(** * Divided differences over sections *)

Section Sections.
Variables (A L : finType) (lam : A -> L).

Definition is_section (c : {ffun L -> A}) : bool := [forall l, lam (c l) == l].

Lemma sectionP (c : {ffun L -> A}) : reflect (forall l, lam (c l) = l) (is_section c).
Proof. by apply: (iffP forallP) => h l; apply/eqP. Qed.

Lemma section_inj (c : {ffun L -> A}) : is_section c -> injective c.
Proof. by move=> /sectionP sc l l' e; rewrite -(sc l) -(sc l') e. Qed.

Definition dd_weight (K : fieldType) (x : A -> K) (c : {ffun L -> A}) : K :=
  \prod_(l : L) \prod_(a | (lam a == l) && (a != c l)) (x (c l) - x a)^-1.

End Sections.

Definition divdiff (K : fieldType) (F : lmodType K) (A : finType) (d : nat)
    (lam : A -> 'I_d) (f : 'rV[K]_d -> F) (x : A -> K) : F :=
  \sum_(c | is_section lam c) dd_weight lam x c *: f (\row_l x (c l)).

Lemma sds_divdiff (K : topFieldType) (F : lmodType K) (n : nat)
    (alpha : 'I_n -> nat) (f : 'rV[K]_n -> F) (x : 'rV[K]_(dimA alpha)) :
  sds f x = divdiff (blk_of alpha) f (fun p => x ord0 p).
Proof.
pose h (t : {dffun forall i : 'I_n, 'I_(alpha i).+1}) :
  {ffun 'I_n -> 'I_(dimA alpha)} := [ffun l => blk (t l)].
pose h' (c : {ffun 'I_n -> 'I_(dimA alpha)}) :
  {dffun forall i : 'I_n, 'I_(alpha i).+1} :=
  [ffun l => inord (c l - blk_off alpha l)].
rewrite /sds /divdiff (reindex_onto h h'); last first.
  by move=> c /sectionP sc; apply/ffunP => l; rewrite !ffunE blk_inord.
apply: eq_big => [t|t _].
  apply/esym/andP; split; first by apply/sectionP => l; rewrite ffunE blk_of_blk.
  by apply/eqP/ffunP => l; rewrite !ffunE inord_blk.
congr (_ *: f _); last by apply/rowP => l; rewrite !mxE ffunE.
apply: eq_bigr => l _; rewrite ffunE.
rewrite (reindex_onto (@blk n alpha l) (fun p => inord (p - blk_off alpha l)));
  last first.
  by move=> p /andP[/eqP lp _]; rewrite blk_inord.
apply: eq_big => // k.
by rewrite blk_of_blk eqxx (inj_eq (@blk_inj _ _ l)) inord_blk eqxx andbT.
Qed.

Lemma divdiff_reindex (K : fieldType) (F : lmodType K) (A A' : finType) (d : nat)
    (phi : A' -> A) (lam : A -> 'I_d) (f : 'rV[K]_d -> F) (x : A -> K) :
  bijective phi ->
  divdiff (fun a => lam (phi a)) f (fun a => x (phi a)) = divdiff lam f x.
Proof.
move=> bij_phi; have [phi' phiK phiK'] := bij_phi.
have phi_inj := can_inj phiK.
pose h (c : {ffun 'I_d -> A'}) : {ffun 'I_d -> A} := [ffun l => phi (c l)].
have bij_h : bijective h.
  exists (fun c : {ffun 'I_d -> A} => [ffun l => phi' (c l)]) => c;
    by apply/ffunP => l; rewrite !ffunE.
rewrite /divdiff [RHS](reindex h); last exact: onW_bij.
apply: eq_big => [c|c _].
  by apply/sectionP/sectionP => sc l; have := sc l; rewrite ffunE.
congr (_ *: f _); last by apply/rowP => l; rewrite !mxE ffunE.
apply: eq_bigr => l _; rewrite ffunE [RHS](reindex phi); last exact: onW_bij.
by apply: eq_bigl => a; rewrite (inj_eq phi_inj).
Qed.

(* The divided difference of [t |-> (a - t)^-1] at the nodes [z i], [i \in B]. *)
Lemma partial_fraction_prod (K : fieldType) (I : finType) (z : I -> K)
    (B : {set I}) (a : K) :
  injective z -> (0 < #|B|)%N -> (forall i, i \in B -> a != z i) ->
  \sum_(i in B) (\prod_(k in B | k != i) (z i - z k)^-1) * (a - z i)^-1
  = \prod_(i in B) (a - z i)^-1.
Proof.
move=> z_inj; move: {2}#|B| (erefl #|B|) => m.
elim: m B a => [|m IH] B a cB; first by rewrite cB.
move=> _ aB; have [b bB] : exists b, b \in B by apply/card_gt0P; rewrite cB.
set B' := B :\ b.
have cB' : #|B'| = m by move: cB; rewrite (cardsD1 b B) bB => -[].
have B'B i : i \in B' -> i \in B by rewrite in_setD1 => /andP[].
have zbB' i : i \in B' -> z b != z i.
  by rewrite in_setD1 => /andP[ib _]; apply: contra ib => /eqP /z_inj ->.
have [m0 | m_gt0] := posnP m.
  have -> : B = [set b]%SET.
    by apply/esym/eqP; rewrite eqEcard finset.sub1set bB cards1 cB m0.
  by rewrite !big_set1 big_pred0 ?mul1r // => k; rewrite inE andbN.
have B'E (G : I -> K) : \prod_(k in B | k != b) G k = \prod_(k in B') G k.
  by apply: eq_bigl => k; rewrite in_setD1 andbC.
have ab : a - z b != 0 by rewrite subr_eq0 aB.
have split_i i : i \in B' ->
    (\prod_(k in B | k != i) (z i - z k)^-1) * (a - z i)^-1 =
    (a - z b)^-1 * ((\prod_(k in B' | k != i) (z i - z k)^-1) * (a - z i)^-1
                    - (\prod_(k in B' | k != i) (z i - z k)^-1) * (z b - z i)^-1).
  move=> iB'; have i_b : i != b by move: iB'; rewrite in_setD1 => /andP[].
  rewrite (bigD1 b) /=; last by rewrite bB eq_sym.
  rewrite (eq_bigl (fun k => (k \in B') && (k != i))); last first.
    by move=> k; rewrite in_setD1; case: (k \in B); case: (k != i); case: (k != b).
  have ai : a - z i != 0 by rewrite subr_eq0 aB ?B'B.
  have bi : z b - z i != 0 by rewrite subr_eq0 zbB'.
  have ib : z i - z b != 0 by rewrite subr_eq0 eq_sym zbB'.
  by field; rewrite ai ib bi ab.
rewrite (bigD1 b) //= B'E [RHS](bigD1 b) //= B'E.
rewrite [X in _ + X](eq_bigl (fun i => i \in B')); last first.
  by move=> k; rewrite in_setD1 andbC.
rewrite (eq_bigr _ split_i) -mulr_sumr sumrB IH ?(IH _ (z b)) ?cB' ?zbB' //.
  by rewrite mulrBr [_ / _]mulrC addrA addrAC subrr add0r.
by move=> i /B'B; apply: aB.
Qed.

Section DivdiffComp.
Variables (K : fieldType) (F : lmodType K) (R P : finType) (d : nat).
Variables (lam1 : R -> P) (lam2 : P -> 'I_d) (e : R -> K).
Hypothesis e_inj : injective e.
Hypothesis lam1_surj : forall p, exists r, lam1 r = p.

Section Weight.
Variable c : {ffun 'I_d -> R}.
Hypothesis c_section : is_section (fun r => lam2 (lam1 r)) c.

(* A pair (c1, c2) of sections composing to c has c2 = lam1 \o c, and c1 must
   pick c l in the "chosen" block lam1 (c l); the weight of such a pair splits
   over the blocks p of lam1 as the product of [factor p (c1 p)]. *)
Let c2 : {ffun 'I_d -> P} := [ffun l => lam1 (c l)].
Let extends (c1 : {ffun P -> R}) :=
  is_section lam1 c1 && [forall l, c1 (lam1 (c l)) == c l].
Let chosen p := p == lam1 (c (lam2 p)).
Let admissible p r := (lam1 r == p) && (chosen p ==> (r == c (lam2 p))).
Let factor p r :=
  (\prod_(a | (lam1 a == p) && (a != r)) (e r - e a)^-1) *
  (if chosen p then 1 else (e (c (lam2 p)) - e r)^-1).

Lemma sum_comp_sections (W : {ffun P -> R} -> {ffun 'I_d -> P} -> K) :
  \sum_(pr : {ffun P -> R} * {ffun 'I_d -> P} |
      (is_section lam1 pr.1 && is_section lam2 pr.2) &&
      ([ffun l => pr.1 (pr.2 l)] == c)) W pr.1 pr.2
  = \sum_(c1 | extends c1) W c1 c2.
Proof.
have /sectionP sc := c_section.
transitivity (\sum_(c1 | true) \sum_(c2' | (c2' == c2) && extends c1) W c1 c2').
  rewrite pair_big_dep; apply: eq_bigl => -[c1 c2'] /=.
  apply/andP/andP => [[/andP[sec1 _] /eqP cc] | [/eqP -> /andP[sec1 /forallP ext1]]].
    have c1c2' l : c1 (c2' l) = c l by rewrite -cc ffunE.
    have c2'E : c2' = c2.
      by apply/ffunP => l; rewrite ffunE -c1c2'; have /sectionP -> := sec1.
    split; first by rewrite c2'E.
    rewrite /extends sec1 /=; apply/forallP => l.
    by have := c1c2' l; rewrite c2'E /c2 ffunE => ->.
  split; first by rewrite sec1 /=; apply/sectionP => l; rewrite ffunE sc.
  by apply/eqP/ffunP => l; rewrite !ffunE (eqP (ext1 l)).
rewrite [RHS]big_mkcond; apply: eq_bigr => c1 _; case: ifP => ext1.
  by rewrite (big_pred1 c2) // => c2'; rewrite andbT.
by rewrite big_pred0 // => c2'; rewrite andbF.
Qed.

Lemma weight_comp_factor c1 : extends c1 ->
  dd_weight lam1 e c1 * dd_weight lam2 (fun p => e (c1 p)) c2 =
  \prod_p factor p (c1 p).
Proof.
move=> /andP[_ /forallP ext1]; rewrite /factor big_split /=; congr (_ * _).
rewrite [RHS](partition_big lam2 predT) //= /dd_weight; apply: eq_bigr => l _.
rewrite ffunE (eqP (ext1 l)) big_mkcond [RHS]big_mkcond /=.
apply: eq_bigr => p _; case: eqP => [<-|//].
by rewrite /chosen; case: (p == lam1 (c (lam2 p))).
Qed.

Lemma extends_family c1 : extends c1 = (c1 \in family admissible).
Proof.
have /sectionP sc := c_section.
apply/idP/familyP => [/andP[/sectionP sec1 /forallP ext1] p | adm].
  rewrite unfold_in /admissible sec1 eqxx /=; apply/implyP => /eqP pE.
  by rewrite {1}pE (eqP (ext1 _)).
apply/andP; split.
  by apply/sectionP => p; have := adm p; rewrite unfold_in => /andP[/eqP].
apply/forallP => l; have := adm (lam1 (c l)); rewrite unfold_in => /andP[_].
by rewrite /chosen sc eqxx.
Qed.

------------------------------------------------------------

What you should do
Using the records above, write out exactly the lines between the one holding "(a - z b)^-1 * ((\prod_(k" and the one holding "Lemma sum_comp_sections (W", inclusive; leave everything else out.

Answer area
    (a - z b)^-1 * ((\prod_(k in B' | k != i) (z i - z k)^-1) * (a - z i)^-1
                    - (\prod_(k in B' | k != i) (z i - z k)^-1) * (z b - z i)^-1).
  move=> iB'; have i_b : i != b by move: iB'; rewrite in_setD1 => /andP[].
  rewrite (bigD1 b) /=; last by rewrite bB eq_sym.
  rewrite (eq_bigl (fun k => (k \in B') && (k != i))); last first.
    by move=> k; rewrite in_setD1; case: (k \in B); case: (k != i); case: (k != b).
  have ai : a - z i != 0 by rewrite subr_eq0 aB ?B'B.
  have bi : z b - z i != 0 by rewrite subr_eq0 zbB'.
  have ib : z i - z b != 0 by rewrite subr_eq0 eq_sym zbB'.
  by field; rewrite ai ib bi ab.
rewrite (bigD1 b) //= B'E [RHS](bigD1 b) //= B'E.
rewrite [X in _ + X](eq_bigl (fun i => i \in B')); last first.
  by move=> k; rewrite in_setD1 andbC.
rewrite (eq_bigr _ split_i) -mulr_sumr sumrB IH ?(IH _ (z b)) ?cB' ?zbB' //.
  by rewrite mulrBr [_ / _]mulrC addrA addrAC subrr add0r.
by move=> i /B'B; apply: aB.
Qed.

Section DivdiffComp.
Variables (K : fieldType) (F : lmodType K) (R P : finType) (d : nat).
Variables (lam1 : R -> P) (lam2 : P -> 'I_d) (e : R -> K).
Hypothesis e_inj : injective e.
Hypothesis lam1_surj : forall p, exists r, lam1 r = p.

Section Weight.
Variable c : {ffun 'I_d -> R}.
Hypothesis c_section : is_section (fun r => lam2 (lam1 r)) c.

(* A pair (c1, c2) of sections composing to c has c2 = lam1 \o c, and c1 must
   pick c l in the "chosen" block lam1 (c l); the weight of such a pair splits
   over the blocks p of lam1 as the product of [factor p (c1 p)]. *)
Let c2 : {ffun 'I_d -> P} := [ffun l => lam1 (c l)].
Let extends (c1 : {ffun P -> R}) :=
  is_section lam1 c1 && [forall l, c1 (lam1 (c l)) == c l].
Let chosen p := p == lam1 (c (lam2 p)).
Let admissible p r := (lam1 r == p) && (chosen p ==> (r == c (lam2 p))).
Let factor p r :=
  (\prod_(a | (lam1 a == p) && (a != r)) (e r - e a)^-1) *
  (if chosen p then 1 else (e (c (lam2 p)) - e r)^-1).

Lemma sum_comp_sections (W : {ffun P -> R} -> {ffun 'I_d -> P} -> K) :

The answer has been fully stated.